▼▼▼

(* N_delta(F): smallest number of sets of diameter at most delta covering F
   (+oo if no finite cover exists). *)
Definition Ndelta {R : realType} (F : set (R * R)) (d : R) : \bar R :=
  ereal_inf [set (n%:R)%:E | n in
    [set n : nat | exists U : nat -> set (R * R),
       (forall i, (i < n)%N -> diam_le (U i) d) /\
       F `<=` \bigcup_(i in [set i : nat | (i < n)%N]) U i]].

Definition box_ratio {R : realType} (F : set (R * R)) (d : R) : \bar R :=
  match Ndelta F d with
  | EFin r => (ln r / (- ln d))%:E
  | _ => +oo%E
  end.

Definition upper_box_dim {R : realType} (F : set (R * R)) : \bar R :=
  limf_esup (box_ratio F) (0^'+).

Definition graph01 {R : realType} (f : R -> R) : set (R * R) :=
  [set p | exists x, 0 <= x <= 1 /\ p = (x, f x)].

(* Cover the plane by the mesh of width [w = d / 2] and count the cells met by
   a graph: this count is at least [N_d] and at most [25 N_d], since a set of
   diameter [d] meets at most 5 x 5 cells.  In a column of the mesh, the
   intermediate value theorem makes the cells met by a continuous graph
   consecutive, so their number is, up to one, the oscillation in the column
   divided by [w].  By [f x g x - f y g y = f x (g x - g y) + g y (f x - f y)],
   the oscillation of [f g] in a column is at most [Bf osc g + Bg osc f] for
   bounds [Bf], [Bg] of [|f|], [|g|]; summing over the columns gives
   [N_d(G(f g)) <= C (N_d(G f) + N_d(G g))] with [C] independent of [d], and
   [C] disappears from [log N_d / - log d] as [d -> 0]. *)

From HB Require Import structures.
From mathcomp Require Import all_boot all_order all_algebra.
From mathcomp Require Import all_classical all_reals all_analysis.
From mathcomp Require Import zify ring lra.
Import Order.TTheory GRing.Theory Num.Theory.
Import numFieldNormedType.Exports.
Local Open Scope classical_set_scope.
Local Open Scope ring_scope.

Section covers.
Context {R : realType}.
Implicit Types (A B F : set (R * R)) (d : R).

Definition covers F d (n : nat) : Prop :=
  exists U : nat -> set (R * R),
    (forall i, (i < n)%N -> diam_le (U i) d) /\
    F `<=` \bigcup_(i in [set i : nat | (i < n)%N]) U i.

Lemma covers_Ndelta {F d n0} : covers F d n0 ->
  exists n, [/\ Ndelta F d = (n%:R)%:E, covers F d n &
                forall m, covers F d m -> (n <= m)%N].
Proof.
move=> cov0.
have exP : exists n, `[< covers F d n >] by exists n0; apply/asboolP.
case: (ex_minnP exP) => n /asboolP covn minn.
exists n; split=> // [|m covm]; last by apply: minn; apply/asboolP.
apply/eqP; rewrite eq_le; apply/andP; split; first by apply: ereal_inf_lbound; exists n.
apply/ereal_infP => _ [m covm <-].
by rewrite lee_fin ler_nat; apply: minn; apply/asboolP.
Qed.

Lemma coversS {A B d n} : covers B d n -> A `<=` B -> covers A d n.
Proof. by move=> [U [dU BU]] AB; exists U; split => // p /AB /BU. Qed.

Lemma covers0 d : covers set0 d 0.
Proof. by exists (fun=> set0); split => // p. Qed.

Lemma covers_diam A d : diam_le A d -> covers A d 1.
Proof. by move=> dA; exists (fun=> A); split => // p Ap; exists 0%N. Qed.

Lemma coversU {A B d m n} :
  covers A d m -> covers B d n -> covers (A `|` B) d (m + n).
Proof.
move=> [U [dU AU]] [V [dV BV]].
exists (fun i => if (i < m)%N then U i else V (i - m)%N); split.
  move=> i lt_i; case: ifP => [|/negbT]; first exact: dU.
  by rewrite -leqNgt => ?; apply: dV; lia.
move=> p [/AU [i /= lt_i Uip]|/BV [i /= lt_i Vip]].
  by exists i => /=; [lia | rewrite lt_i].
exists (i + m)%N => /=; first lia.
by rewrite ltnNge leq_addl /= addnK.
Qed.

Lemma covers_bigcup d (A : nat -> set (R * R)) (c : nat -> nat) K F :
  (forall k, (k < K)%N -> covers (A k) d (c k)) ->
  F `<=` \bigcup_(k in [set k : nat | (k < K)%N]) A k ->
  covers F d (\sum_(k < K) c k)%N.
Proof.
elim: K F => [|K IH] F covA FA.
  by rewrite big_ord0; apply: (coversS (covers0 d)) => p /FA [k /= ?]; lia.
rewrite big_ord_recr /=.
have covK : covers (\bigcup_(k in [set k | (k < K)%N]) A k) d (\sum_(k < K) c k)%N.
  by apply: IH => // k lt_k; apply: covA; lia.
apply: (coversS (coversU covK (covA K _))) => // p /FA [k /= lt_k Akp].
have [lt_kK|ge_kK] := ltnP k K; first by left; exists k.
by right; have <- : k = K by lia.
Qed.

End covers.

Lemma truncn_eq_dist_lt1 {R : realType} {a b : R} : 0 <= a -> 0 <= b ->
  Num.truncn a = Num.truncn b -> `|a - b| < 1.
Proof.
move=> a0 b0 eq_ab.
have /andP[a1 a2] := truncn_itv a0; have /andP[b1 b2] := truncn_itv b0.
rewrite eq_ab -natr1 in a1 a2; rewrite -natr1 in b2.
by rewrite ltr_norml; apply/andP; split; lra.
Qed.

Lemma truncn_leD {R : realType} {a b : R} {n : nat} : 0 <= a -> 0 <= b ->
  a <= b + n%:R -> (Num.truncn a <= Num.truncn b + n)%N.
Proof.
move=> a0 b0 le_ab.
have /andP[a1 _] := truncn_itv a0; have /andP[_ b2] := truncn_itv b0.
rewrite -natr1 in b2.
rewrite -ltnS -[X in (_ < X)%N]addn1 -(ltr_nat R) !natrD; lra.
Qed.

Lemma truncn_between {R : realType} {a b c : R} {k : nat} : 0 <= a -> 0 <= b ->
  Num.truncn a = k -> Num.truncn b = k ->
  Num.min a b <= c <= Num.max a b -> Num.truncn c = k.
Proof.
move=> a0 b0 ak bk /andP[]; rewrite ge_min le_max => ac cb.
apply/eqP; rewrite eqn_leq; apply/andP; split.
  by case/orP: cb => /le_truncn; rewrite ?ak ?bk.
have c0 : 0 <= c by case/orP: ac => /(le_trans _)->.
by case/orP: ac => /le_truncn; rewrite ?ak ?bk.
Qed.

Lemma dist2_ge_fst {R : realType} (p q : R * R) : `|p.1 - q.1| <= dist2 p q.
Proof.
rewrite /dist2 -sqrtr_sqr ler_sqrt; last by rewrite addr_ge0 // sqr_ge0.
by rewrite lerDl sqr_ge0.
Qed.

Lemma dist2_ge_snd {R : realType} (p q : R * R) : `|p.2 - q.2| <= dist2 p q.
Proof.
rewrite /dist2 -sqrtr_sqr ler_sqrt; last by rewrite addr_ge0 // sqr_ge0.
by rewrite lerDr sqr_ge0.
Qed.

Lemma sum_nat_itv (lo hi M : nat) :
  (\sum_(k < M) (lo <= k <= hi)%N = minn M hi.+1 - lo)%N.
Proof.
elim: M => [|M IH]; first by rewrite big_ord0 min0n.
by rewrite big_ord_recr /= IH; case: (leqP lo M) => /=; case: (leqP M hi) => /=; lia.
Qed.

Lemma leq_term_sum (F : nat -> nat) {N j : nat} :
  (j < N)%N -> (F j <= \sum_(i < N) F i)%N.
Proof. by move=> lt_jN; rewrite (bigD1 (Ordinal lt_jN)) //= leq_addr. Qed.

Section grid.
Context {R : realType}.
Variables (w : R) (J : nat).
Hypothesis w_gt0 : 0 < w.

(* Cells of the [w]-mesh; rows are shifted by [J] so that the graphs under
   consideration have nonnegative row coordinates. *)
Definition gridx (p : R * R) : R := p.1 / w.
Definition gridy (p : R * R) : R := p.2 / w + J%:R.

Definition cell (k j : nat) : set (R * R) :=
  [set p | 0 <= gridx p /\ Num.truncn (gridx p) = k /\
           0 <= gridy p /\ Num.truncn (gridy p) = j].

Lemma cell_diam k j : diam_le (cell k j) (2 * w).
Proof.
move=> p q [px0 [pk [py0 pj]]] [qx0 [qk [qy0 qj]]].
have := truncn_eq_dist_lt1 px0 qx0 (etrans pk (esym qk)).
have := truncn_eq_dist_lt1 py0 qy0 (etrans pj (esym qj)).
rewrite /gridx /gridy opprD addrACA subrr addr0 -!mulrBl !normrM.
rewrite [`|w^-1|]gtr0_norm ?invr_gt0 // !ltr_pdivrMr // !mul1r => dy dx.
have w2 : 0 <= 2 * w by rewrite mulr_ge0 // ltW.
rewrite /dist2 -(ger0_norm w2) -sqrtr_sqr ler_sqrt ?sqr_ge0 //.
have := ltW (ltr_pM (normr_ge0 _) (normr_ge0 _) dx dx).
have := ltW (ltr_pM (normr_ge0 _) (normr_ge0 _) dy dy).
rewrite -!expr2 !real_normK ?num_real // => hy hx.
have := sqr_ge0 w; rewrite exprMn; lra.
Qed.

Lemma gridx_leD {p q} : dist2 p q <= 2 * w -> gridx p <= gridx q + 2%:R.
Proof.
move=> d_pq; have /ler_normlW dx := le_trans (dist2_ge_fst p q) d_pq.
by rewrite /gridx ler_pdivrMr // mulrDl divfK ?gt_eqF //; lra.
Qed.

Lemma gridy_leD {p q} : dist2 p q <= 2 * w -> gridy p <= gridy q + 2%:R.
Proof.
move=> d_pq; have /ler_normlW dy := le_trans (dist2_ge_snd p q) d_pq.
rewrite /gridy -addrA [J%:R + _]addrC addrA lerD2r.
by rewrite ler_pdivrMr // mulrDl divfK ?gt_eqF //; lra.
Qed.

▲▲▲

From the records, copy out each line that includes the string "coversS".

Lemma coversS {A B d n} : covers B d n -> A `<=` B -> covers A d n.
  by rewrite big_ord0; apply: (coversS (covers0 d)) => p /FA [k /= ?]; lia.
apply: (coversS (coversU covK (covA K _))) => // p /FA [k /= lt_k Akp].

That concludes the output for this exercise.